A proposta de Orçamento de Estado para 2015 continua a política da
Troika, onerando os trabalhadores para beneficiar o capital. Contribuindo para manter
uma política de austeridade que visa restaurar as condições de rentabilidade do
capital, acentuando a exploração de trabalho. O orçamento e demais leis
associadas contribuem assim para operar uma enorme transferência de rendimento
do trabalho para o capital, como se fosse uma política redistributiva
invertida.
A austeridade, a política de austeridade, tem um cunho claro de
classe. A austeridade visa restaurar as condições de rentabilidade do capital,
sobretudo acentuando a exploração do trabalho e criando as condições
necessárias à regeneração do próprio capital.

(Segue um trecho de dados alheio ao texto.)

End ComplexModulus.

Section AverageBounds.
Context d (T : measurableType d) (R : realType) (mu : {measure set T -> \bar R}).

(* Monotonicity of the nonnegative integral without measurability assumptions:
   the functions phi averaged by E_m are arbitrary, not necessarily measurable. *)
Lemma int_mono (D : set T) (h1 h2 : T -> \bar R) :
  (forall x, D x -> (0 <= h1 x)%E) -> (forall x, D x -> (0 <= h2 x)%E) ->
  (forall x, D x -> (h1 x <= h2 x)%E) ->
  (\int[mu]_(x in D) h1 x <= \int[mu]_(x in D) h2 x)%E.
Proof.
move=> p1 p2 h12; rewrite (ge0_integralE mu p1) (ge0_integralE mu p2) /=.
apply: ereal_sup_le => _ [k hk <-]; exists k => // x.
apply: le_trans (hk x) _; rewrite /patch; case: ifP => // /set_mem; exact: h12.
Qed.

Lemma ge0_integral_sandwich (D : set T) (mD : measurable D) (r a b : R)
  (h : T -> \bar R) : mu D = r%:E -> 0 <= a -> 0 <= b ->
  (forall x, D x -> a%:E <= h x <= b%:E)%E ->
  ((a * r)%:E <= \int[mu]_(x in D) h x <= (b * r)%:E)%E.
Proof.
move=> hr a0 b0 hab.
have h0 x : D x -> (0 <= h x)%E.
  by move=> /hab /andP[+ _]; apply: le_trans; rewrite lee_fin.
rewrite !EFinM -hr -!(integral_cst mu mD); apply/andP; split.
- apply: int_mono => x Dx; [by rewrite lee_fin | exact: h0 | by case/andP: (hab x Dx)].
- apply: int_mono => x Dx; [exact: h0 | by rewrite lee_fin | by case/andP: (hab x Dx)].
Qed.

Lemma Rintegral_bounds (D : set T) (mD : measurable D) (r : R) (f : T -> R)
  (lo hi : R) : mu D = r%:E -> (forall x, D x -> lo <= f x <= hi) ->
  lo * r <= Rintegral mu D f <= hi * r.
Proof.
move=> hr hf.
pose pos t : R := Num.max t 0.
have pos_ge0 t : 0 <= pos t by rewrite le_max lexx orbT.
have pos_le t u : t <= u -> pos t <= pos u.
  by move=> tu; rewrite ge_max !le_max tu lexx !orbT.
have pos_sub t : pos t - pos (- t) = t.
  rewrite /pos !maxEle oppr_le0.
  by case: (lerP t 0) => ht; case: (lerP 0 t) => h't; rewrite ?subr0 ?sub0r ?opprK //; lra.
set F := fun x => (f x)%:E.
have /andP[p1 p2] : ((pos lo * r)%:E <= \int[mu]_(x in D) F^\+ x <= (pos hi * r)%:E)%E.
  apply: ge0_integral_sandwich => // x Dx; rewrite funeposE -EFin_max !lee_fin.
  by case/andP: (hf x Dx) => h1 h2; rewrite !pos_le.
have /andP[n1 n2] : ((pos (- hi) * r)%:E <= \int[mu]_(x in D) F^\- x
                     <= (pos (- lo) * r)%:E)%E.
  apply: ge0_integral_sandwich => // x Dx; rewrite funenegE -EFinN -EFin_max !lee_fin.
  by case/andP: (hf x Dx) => h1 h2; rewrite !pos_le // lerN2.
rewrite /Rintegral integralE.
move: p1 p2 n1 n2.
case: (\int[mu]_(x in D) F^\+ x)%E => [p| |]; case: (\int[mu]_(x in D) F^\- x)%E => [q| |] //=;
  rewrite ?leye_eq ?leeNy_eq ?lee_fin // => p1 p2 n1 n2.
rewrite -[X in X * r <= _](pos_sub lo) -[X in _ <= X * r](pos_sub hi) !mulrBl.
apply/andP; split; lra.
Qed.

Lemma average_close (D : set T) (mD : measurable D) (r : R) (f : T -> R) (y eps : R) :
  mu D = r%:E -> 0 < r -> (forall x, D x -> `|f x - y| <= eps) ->
  `|y - r^-1 * Rintegral mu D f| <= eps.
Proof.
move=> hr r0 hf.
have hb x : D x -> y - eps <= f x <= y + eps by move=> Dx; rewrite -ler_distl hf.
have /andP[lo hi] := Rintegral_bounds mD hr hb.
by rewrite ler_distlC ler_pdivlMl // ler_pdivrMl // ![r * _]mulrC lo hi.
Qed.

End AverageBounds.

Section TransferOperator.
Variables (R : realType) (n : nat) (A : 'M[nat]_n.+1).
Local Notation X := (shX n).
Implicit Types (phi psi : X -> R[i]) (w u : X).

Definition agree w w' k := forall j, (j < k)%N -> w j = w' j.

Definition sup_le psi (s : R) := forall w, Sigma A w -> cabs (psi w) <= s.

Lemma Sigma_scons i w : A i (w 0%N) = 1%N -> Sigma A w -> Sigma A (scons i w).
Proof. by move=> h1 hw [|j] //=. Qed.

Lemma agree_scons i w w' k : agree w w' k -> agree (scons i w) (scons i w') k.+1.
Proof. by move=> h [|j] //= jk; apply: h. Qed.

Lemma var_pt phi k (r : R) w w' : (var A phi k <= r%:E)%E ->
  Sigma A w -> Sigma A w' -> agree w w' k -> cabs (phi w - phi w') <= r.
Proof.
move=> hv hw hw' ag; rewrite -lee_fin; apply: le_trans hv.
by apply: ereal_sup_ubound; exists w, w'.
Qed.

Lemma var_le phi k (r : R) :
  (forall w w', Sigma A w -> Sigma A w' -> agree w w' k -> cabs (phi w - phi w') <= r) ->
  (var A phi k <= r%:E)%E.
Proof.
move=> h; apply: ge_ereal_sup => _ [w [w' [hw hw' ag ->]]].
by rewrite lee_fin; apply: h.
Qed.

Lemma cabs_diff_sup phi (s : R) w w' : sup_le phi s -> Sigma A w -> Sigma A w' ->
  cabs (phi w - phi w') <= 2 * s.
Proof.
move=> hs hw hw'; apply: le_trans (cabsD _ _) _; rewrite cabsN mulr2n mulrDl mul1r.
by apply: lerD; apply: hs.
Qed.

Lemma cabs_sum (P : pred 'I_n.+1) (F : 'I_n.+1 -> R[i]) (B : R) : 0 <= B ->
  (forall i, P i -> cabs (F i) <= B) -> cabs (\sum_(i < n.+1 | P i) F i) <= n.+1%:R * B.
Proof.
move=> B0 hF; rewrite big_mkcond /=.
apply: (@le_trans _ _ (\sum_(i < n.+1) B)); last by rewrite sumr_const card_ord mulr_natl.
elim/big_rec2: _ => [|i y1 y2 _ h]; first by rewrite cabs0.
apply: le_trans (cabsD _ _) _; apply: lerD => //.
by case: ifP => [/hF //|_]; rewrite cabs0.
Qed.

Lemma term_bound (a b u v : R[i]) (b1 : R) : expR (complex.Re a) <= b1 ->
  expR (complex.Re b) <= b1 ->
  cabs (cexp a * u - cexp b * v) <= b1 * cabs (u - v) + 4 * b1 * cabs (a - b) * cabs v.
Proof.
move=> ha hb.
have -> : cexp a * u - cexp b * v = cexp a * (u - v) + (cexp a - cexp b) * v by ring.
apply: le_trans (cabsD _ _) _; rewrite !cabsM cabs_cexp.
apply: lerD; first by apply: ler_wpM2r => //; exact: cabs_ge0.
by apply: ler_wpM2r; [exact: cabs_ge0 | exact: cexp_lip].
Qed.

Variables (g : X -> R[i]) (b1 : R).
Hypothesis b1_ge0 : 0 <= b1.
Hypothesis g_expb : forall w, Sigma A w -> expR (complex.Re (g w)) <= b1.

A austeridade é um instrumento de transferência de rendimento do
trabalho para o capital, de expropriação do trabalhador, assegurando uma
transferência dos ganhos de produtividade do trabalho para o capital, ou seja,
uma redução dos custos unitários do trabalho.
A austeridade é por isso uma opção estratégica que tem sido seguida
pelas instituições internacionais do sistema capitalista mundial, na resposta à
crise sistémica em que este se encontra, imposta em programas de ajustamento
estrutural sempre que necessária para garantir a sua maior eficácia, como
aconteceu em Portugal com o denominado Programa de Assistência Económica e
Financeira (PAEF).
É de recordar que a austeridade está inscrita nos Tratados da União
Europeia e, obviamente, é também uma opção do próprio Governo ao serviço dos
interesses do grande capital que opera no nosso território nacional,
nomeadamente do capital financeiro.
O PAEF, no seguimento do «memorando da Troika» de Maio de 2011,
tinha objectivos concretos definidos. Visava sobretudo garantir a
recapitalização da banca nacional, assegurar as questões de funcionamento do
sistema financeiro e garantir o pagamento da dívida pública aos credores
estrangeiros, nomeadamente a sangria que representa anualmente o pagamento de
juros, que em 2015 serão superiores a 8,2 mil milhões de euros, de acordo com
as previsões da proposta Orçamento de Estado para 2015, se incluirmos as
empresas públicas reclassificadas. Valor que em 2015 volta a aumentar.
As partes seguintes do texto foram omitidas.